About this exercise - From the entries, copy each line that includes "sinh".

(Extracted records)
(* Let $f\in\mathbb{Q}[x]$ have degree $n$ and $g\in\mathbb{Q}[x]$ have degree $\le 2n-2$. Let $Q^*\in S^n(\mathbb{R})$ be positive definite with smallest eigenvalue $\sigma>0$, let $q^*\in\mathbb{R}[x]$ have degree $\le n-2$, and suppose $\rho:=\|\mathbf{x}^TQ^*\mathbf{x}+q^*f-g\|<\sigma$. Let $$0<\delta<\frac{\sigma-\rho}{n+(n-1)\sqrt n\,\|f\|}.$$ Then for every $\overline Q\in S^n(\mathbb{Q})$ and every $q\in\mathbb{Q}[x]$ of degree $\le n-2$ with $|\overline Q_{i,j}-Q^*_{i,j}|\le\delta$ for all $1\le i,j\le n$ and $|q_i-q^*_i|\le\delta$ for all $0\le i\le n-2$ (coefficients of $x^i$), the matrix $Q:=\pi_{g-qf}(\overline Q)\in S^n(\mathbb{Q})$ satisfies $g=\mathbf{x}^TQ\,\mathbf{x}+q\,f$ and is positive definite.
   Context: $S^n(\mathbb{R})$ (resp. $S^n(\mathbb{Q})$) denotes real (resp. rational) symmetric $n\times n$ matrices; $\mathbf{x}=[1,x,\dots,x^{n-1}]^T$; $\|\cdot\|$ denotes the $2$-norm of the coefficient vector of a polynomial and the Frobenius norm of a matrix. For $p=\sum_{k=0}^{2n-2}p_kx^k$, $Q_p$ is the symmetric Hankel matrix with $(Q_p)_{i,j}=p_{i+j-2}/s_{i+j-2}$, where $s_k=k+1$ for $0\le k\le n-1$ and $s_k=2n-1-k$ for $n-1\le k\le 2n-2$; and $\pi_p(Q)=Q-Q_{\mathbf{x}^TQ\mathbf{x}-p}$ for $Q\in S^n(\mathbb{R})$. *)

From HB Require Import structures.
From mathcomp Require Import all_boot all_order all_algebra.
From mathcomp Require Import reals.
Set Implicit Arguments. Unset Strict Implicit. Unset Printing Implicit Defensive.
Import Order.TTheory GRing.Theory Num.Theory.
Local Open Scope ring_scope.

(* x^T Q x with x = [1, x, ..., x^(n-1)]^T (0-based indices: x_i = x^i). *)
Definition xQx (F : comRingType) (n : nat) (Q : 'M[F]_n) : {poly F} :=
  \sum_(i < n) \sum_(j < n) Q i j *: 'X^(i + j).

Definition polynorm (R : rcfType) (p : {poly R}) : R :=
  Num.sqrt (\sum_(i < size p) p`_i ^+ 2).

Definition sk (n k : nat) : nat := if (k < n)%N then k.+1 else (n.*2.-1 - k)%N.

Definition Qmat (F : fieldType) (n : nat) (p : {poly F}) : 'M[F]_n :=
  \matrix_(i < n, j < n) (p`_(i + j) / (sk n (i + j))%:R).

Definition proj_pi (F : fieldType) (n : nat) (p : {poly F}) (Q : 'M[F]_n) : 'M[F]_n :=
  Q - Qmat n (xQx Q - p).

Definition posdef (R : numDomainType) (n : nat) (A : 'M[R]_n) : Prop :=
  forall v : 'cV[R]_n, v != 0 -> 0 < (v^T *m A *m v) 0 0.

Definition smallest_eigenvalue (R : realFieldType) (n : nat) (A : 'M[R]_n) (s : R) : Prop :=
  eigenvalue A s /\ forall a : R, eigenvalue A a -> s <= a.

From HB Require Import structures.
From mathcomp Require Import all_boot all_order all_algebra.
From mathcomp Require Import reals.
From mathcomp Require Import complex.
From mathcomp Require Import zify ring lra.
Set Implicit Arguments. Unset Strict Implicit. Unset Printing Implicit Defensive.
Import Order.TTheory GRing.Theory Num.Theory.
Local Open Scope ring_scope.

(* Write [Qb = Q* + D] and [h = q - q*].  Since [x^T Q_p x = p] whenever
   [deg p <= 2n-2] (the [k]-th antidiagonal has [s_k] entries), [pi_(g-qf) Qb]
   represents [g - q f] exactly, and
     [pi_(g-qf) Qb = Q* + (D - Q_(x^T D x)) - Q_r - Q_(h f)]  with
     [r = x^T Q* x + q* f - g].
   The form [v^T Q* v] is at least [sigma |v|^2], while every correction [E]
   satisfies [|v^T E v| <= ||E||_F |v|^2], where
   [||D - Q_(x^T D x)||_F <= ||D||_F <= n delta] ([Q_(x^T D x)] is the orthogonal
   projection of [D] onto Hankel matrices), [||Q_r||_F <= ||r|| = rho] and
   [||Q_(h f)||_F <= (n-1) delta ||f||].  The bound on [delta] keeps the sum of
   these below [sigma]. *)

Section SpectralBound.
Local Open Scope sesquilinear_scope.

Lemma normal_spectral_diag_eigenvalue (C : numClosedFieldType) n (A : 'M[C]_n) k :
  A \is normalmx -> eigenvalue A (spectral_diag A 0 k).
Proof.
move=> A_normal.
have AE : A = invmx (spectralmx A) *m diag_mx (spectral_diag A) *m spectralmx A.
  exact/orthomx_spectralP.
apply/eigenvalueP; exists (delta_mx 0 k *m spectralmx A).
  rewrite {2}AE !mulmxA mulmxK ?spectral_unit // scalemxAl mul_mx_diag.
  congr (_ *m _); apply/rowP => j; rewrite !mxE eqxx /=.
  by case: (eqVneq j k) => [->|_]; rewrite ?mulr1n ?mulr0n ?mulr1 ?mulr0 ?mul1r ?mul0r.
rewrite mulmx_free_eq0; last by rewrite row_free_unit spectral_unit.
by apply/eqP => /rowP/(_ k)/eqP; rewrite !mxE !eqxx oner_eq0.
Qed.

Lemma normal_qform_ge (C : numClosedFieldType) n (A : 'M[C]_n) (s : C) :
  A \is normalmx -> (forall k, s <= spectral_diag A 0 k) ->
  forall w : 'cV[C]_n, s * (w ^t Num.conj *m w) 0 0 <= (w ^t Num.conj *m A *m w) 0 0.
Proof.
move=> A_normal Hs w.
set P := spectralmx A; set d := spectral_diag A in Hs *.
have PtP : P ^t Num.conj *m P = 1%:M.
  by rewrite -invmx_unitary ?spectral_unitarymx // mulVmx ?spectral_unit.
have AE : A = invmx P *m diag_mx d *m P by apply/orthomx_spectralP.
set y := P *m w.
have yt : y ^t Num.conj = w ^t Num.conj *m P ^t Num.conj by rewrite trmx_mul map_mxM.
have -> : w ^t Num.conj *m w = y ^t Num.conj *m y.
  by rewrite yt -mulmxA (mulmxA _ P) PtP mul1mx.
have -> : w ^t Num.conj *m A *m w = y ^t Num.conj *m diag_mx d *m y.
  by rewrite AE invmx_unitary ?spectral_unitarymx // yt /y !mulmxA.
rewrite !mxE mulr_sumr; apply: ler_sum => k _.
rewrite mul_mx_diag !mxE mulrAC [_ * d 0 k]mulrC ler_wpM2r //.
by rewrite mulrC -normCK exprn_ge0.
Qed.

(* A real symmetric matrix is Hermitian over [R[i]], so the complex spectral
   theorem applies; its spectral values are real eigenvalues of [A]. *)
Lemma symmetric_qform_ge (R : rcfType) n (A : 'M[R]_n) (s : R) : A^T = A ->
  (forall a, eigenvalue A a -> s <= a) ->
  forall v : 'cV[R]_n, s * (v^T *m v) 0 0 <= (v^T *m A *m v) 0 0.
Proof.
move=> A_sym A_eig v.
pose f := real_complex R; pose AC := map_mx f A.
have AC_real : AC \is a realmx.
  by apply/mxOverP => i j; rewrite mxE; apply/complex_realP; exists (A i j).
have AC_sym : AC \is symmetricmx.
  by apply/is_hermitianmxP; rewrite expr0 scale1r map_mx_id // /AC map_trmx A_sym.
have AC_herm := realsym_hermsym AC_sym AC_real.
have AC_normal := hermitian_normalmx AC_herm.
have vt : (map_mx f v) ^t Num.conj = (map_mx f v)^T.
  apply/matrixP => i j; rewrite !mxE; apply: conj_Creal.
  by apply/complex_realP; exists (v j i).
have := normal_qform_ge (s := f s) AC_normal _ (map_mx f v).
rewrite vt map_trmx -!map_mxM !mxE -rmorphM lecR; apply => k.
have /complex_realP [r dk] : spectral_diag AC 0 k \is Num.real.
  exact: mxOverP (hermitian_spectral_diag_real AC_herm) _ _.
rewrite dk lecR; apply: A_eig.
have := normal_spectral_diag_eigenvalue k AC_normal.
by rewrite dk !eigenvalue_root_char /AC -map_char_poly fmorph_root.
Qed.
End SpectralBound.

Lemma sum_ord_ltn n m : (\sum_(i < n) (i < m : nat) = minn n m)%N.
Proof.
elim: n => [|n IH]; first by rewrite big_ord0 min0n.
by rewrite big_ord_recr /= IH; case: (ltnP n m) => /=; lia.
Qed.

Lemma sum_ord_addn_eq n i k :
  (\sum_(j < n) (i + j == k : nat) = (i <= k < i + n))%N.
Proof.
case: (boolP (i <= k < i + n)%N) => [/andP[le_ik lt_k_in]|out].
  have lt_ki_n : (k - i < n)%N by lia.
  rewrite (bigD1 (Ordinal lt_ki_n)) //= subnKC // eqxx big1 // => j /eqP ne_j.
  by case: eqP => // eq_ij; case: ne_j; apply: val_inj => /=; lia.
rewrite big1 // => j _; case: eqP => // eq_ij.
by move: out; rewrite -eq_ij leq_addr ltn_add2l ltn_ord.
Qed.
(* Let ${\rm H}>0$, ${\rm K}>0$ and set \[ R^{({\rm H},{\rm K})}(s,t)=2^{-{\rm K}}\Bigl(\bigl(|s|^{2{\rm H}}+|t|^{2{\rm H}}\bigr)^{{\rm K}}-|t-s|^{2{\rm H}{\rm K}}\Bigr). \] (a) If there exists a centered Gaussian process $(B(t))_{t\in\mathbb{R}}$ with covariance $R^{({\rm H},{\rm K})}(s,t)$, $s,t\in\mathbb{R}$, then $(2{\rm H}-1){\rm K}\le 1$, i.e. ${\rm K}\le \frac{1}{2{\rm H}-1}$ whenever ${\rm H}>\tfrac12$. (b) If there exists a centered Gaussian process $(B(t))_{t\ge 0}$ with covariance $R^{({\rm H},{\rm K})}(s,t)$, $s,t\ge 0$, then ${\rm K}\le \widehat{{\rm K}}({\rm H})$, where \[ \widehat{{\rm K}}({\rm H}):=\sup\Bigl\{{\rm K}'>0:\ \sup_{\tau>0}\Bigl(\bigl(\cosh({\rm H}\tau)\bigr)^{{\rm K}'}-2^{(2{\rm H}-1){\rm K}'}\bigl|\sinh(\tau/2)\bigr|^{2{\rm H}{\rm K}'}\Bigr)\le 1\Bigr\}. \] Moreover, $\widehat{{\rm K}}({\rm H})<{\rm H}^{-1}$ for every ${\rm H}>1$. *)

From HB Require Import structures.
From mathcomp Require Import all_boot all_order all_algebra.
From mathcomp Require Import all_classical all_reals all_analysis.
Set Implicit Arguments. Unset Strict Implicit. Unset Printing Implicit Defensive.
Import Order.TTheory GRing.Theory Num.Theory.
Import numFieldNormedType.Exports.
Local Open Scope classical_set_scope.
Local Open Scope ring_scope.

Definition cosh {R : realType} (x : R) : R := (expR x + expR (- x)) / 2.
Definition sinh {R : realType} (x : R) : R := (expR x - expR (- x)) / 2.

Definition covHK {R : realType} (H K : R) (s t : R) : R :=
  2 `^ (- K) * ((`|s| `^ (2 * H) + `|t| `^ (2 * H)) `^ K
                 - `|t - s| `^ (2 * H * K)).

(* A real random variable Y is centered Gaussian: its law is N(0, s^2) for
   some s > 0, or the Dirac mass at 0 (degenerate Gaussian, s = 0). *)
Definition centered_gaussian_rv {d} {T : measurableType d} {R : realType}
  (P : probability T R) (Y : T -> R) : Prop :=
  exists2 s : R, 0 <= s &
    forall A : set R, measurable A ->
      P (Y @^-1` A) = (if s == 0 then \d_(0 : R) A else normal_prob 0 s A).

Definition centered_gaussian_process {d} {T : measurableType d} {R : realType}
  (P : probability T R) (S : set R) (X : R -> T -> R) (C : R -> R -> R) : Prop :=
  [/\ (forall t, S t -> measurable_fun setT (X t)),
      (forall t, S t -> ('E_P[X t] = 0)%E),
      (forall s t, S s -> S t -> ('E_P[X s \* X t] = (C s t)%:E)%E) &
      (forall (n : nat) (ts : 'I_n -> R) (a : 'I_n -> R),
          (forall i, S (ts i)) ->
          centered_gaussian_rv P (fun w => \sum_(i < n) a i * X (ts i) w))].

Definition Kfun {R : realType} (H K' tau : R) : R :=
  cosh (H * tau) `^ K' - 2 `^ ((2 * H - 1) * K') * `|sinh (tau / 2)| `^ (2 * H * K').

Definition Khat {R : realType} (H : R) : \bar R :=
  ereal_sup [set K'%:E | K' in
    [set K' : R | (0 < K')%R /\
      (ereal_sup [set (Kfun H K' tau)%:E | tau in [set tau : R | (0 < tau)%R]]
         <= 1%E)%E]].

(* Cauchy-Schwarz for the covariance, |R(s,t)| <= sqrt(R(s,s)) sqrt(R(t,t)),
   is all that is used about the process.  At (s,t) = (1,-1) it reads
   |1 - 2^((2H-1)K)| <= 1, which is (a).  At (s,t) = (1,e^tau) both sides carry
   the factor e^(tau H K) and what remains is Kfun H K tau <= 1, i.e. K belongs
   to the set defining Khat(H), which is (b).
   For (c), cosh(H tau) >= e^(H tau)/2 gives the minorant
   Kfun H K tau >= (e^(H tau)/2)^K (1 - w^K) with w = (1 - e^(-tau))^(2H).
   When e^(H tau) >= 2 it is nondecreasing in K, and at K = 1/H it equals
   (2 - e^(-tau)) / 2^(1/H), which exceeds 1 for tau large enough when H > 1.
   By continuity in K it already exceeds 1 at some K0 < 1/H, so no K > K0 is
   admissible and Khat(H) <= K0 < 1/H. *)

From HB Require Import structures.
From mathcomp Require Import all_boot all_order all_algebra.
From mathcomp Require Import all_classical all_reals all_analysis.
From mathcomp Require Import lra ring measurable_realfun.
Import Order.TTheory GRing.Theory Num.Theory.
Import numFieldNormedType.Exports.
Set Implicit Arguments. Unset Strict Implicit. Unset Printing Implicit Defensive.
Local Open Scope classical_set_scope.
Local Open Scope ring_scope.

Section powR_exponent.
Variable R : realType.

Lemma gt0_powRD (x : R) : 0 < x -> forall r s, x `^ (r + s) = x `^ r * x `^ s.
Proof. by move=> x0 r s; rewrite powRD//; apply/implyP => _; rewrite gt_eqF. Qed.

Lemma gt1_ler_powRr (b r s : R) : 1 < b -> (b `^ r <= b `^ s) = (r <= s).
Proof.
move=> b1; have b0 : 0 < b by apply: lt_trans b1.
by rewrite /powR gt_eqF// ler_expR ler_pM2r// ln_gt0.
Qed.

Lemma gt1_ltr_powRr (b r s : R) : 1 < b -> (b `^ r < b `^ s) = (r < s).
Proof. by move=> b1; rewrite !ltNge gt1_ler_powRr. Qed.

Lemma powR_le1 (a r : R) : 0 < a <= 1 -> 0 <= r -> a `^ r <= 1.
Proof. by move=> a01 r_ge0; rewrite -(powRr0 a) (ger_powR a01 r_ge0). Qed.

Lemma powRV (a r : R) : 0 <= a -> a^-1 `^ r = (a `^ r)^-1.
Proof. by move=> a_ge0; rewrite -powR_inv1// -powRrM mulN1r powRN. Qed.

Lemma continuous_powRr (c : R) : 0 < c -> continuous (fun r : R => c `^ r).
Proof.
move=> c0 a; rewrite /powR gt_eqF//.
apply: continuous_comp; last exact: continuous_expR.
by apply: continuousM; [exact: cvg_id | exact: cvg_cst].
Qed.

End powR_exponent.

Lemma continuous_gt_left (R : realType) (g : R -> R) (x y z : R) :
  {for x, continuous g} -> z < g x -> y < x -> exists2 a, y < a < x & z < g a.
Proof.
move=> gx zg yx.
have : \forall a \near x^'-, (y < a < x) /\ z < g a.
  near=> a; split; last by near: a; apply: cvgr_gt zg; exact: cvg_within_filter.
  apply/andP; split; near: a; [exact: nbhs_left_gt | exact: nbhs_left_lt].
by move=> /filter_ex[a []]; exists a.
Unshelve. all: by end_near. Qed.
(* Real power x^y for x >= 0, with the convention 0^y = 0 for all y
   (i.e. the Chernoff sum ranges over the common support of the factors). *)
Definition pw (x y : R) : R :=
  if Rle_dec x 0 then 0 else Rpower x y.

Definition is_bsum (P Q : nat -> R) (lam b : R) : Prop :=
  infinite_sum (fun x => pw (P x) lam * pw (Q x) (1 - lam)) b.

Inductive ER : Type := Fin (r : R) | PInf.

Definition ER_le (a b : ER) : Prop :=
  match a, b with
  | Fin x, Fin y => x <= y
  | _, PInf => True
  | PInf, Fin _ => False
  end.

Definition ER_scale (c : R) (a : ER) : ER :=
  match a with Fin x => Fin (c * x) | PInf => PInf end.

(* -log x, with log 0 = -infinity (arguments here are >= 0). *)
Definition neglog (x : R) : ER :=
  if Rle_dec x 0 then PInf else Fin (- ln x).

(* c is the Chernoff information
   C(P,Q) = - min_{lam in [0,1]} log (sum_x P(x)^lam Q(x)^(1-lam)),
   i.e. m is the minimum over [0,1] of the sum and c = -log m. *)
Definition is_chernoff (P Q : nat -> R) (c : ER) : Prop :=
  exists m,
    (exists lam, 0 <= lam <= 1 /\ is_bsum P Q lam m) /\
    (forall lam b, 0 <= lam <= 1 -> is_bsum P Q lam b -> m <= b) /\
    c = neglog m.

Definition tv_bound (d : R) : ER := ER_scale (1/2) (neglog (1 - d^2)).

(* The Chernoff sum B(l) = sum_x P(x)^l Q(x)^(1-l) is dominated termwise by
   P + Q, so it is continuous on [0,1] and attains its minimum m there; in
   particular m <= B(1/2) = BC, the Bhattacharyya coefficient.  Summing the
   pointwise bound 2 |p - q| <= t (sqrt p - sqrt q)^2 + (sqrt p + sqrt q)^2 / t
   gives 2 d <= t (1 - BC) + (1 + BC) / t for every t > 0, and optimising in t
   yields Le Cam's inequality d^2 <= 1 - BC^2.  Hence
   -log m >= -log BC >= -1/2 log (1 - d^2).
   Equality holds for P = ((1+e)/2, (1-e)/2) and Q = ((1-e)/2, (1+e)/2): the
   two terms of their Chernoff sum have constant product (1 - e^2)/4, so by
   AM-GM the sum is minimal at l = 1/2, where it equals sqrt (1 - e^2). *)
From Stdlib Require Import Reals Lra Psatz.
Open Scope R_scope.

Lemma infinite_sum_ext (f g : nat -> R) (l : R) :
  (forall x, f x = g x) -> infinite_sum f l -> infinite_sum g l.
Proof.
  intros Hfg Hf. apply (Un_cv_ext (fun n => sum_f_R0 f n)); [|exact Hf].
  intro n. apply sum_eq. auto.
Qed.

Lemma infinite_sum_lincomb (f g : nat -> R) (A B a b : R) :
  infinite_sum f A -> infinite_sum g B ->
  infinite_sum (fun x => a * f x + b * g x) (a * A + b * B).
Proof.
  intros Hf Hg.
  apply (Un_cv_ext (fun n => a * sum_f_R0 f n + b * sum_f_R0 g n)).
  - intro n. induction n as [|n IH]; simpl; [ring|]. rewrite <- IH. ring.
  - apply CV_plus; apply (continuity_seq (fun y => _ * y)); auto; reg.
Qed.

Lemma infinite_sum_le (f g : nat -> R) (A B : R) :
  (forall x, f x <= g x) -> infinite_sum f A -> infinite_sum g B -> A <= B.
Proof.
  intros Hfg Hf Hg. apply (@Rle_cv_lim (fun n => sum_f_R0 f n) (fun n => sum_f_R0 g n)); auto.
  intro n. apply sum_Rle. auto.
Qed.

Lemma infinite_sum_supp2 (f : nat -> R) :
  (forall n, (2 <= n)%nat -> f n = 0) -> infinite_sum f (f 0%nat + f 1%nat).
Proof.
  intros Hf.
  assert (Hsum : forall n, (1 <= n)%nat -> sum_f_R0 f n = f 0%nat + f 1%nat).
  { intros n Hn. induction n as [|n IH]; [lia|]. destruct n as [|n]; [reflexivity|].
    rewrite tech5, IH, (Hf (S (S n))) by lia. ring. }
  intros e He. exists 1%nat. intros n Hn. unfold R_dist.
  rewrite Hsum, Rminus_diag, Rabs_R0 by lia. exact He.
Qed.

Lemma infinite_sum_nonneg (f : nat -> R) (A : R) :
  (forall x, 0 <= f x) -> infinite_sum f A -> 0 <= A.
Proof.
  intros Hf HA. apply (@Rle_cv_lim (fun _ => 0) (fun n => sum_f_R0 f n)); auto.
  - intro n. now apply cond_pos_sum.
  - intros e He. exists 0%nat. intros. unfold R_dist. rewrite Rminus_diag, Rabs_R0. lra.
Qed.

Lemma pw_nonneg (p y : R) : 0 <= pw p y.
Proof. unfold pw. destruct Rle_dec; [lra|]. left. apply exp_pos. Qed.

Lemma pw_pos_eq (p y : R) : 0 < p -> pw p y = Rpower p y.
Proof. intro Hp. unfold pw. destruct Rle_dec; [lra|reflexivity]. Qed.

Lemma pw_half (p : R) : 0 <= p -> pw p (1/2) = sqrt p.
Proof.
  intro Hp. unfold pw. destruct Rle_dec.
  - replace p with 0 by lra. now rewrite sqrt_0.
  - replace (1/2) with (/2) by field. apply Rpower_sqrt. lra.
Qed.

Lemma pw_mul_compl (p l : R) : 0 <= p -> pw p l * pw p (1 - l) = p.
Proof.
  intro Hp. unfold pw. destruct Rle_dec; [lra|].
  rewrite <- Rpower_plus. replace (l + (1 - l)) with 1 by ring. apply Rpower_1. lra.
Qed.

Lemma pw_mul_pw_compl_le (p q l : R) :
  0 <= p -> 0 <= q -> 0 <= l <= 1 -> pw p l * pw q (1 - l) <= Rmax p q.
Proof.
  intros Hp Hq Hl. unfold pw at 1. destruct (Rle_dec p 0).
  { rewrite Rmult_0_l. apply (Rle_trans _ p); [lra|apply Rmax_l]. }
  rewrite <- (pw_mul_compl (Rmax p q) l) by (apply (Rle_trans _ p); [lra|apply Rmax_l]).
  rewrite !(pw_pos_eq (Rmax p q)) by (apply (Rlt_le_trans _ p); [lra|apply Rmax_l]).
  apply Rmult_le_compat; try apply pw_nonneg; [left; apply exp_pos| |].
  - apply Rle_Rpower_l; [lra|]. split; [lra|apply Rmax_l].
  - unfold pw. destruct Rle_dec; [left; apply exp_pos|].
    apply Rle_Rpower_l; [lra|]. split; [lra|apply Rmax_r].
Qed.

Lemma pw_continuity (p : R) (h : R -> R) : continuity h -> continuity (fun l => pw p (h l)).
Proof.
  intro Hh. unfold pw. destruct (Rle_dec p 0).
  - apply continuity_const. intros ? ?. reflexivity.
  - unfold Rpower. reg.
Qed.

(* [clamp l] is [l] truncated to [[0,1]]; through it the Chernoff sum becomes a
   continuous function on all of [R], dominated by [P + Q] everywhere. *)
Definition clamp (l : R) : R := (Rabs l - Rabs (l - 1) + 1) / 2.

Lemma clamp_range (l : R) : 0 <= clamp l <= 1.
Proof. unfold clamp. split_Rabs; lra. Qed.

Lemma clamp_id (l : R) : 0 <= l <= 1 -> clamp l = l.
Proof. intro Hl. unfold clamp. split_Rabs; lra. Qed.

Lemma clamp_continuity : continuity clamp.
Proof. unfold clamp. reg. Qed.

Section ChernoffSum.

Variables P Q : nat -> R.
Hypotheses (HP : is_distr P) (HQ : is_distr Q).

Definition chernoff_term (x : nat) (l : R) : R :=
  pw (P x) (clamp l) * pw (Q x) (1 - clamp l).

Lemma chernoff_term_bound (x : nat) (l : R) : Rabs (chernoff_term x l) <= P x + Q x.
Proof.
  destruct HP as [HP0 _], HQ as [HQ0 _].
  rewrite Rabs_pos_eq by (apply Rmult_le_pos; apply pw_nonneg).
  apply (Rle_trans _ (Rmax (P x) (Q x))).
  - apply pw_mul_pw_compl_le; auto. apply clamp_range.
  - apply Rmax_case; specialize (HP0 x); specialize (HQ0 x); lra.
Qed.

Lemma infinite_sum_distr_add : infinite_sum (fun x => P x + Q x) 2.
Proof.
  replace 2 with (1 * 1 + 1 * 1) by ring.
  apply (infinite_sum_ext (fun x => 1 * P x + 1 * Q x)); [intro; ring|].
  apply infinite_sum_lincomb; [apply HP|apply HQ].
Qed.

Written solution -
(* Let ${\rm H}>0$, ${\rm K}>0$ and set \[ R^{({\rm H},{\rm K})}(s,t)=2^{-{\rm K}}\Bigl(\bigl(|s|^{2{\rm H}}+|t|^{2{\rm H}}\bigr)^{{\rm K}}-|t-s|^{2{\rm H}{\rm K}}\Bigr). \] (a) If there exists a centered Gaussian process $(B(t))_{t\in\mathbb{R}}$ with covariance $R^{({\rm H},{\rm K})}(s,t)$, $s,t\in\mathbb{R}$, then $(2{\rm H}-1){\rm K}\le 1$, i.e. ${\rm K}\le \frac{1}{2{\rm H}-1}$ whenever ${\rm H}>\tfrac12$. (b) If there exists a centered Gaussian process $(B(t))_{t\ge 0}$ with covariance $R^{({\rm H},{\rm K})}(s,t)$, $s,t\ge 0$, then ${\rm K}\le \widehat{{\rm K}}({\rm H})$, where \[ \widehat{{\rm K}}({\rm H}):=\sup\Bigl\{{\rm K}'>0:\ \sup_{\tau>0}\Bigl(\bigl(\cosh({\rm H}\tau)\bigr)^{{\rm K}'}-2^{(2{\rm H}-1){\rm K}'}\bigl|\sinh(\tau/2)\bigr|^{2{\rm H}{\rm K}'}\Bigr)\le 1\Bigr\}. \] Moreover, $\widehat{{\rm K}}({\rm H})<{\rm H}^{-1}$ for every ${\rm H}>1$. *)
Definition sinh {R : realType} (x : R) : R := (expR x - expR (- x)) / 2.
  cosh (H * tau) `^ K' - 2 `^ ((2 * H - 1) * K') * `|sinh (tau / 2)| `^ (2 * H * K').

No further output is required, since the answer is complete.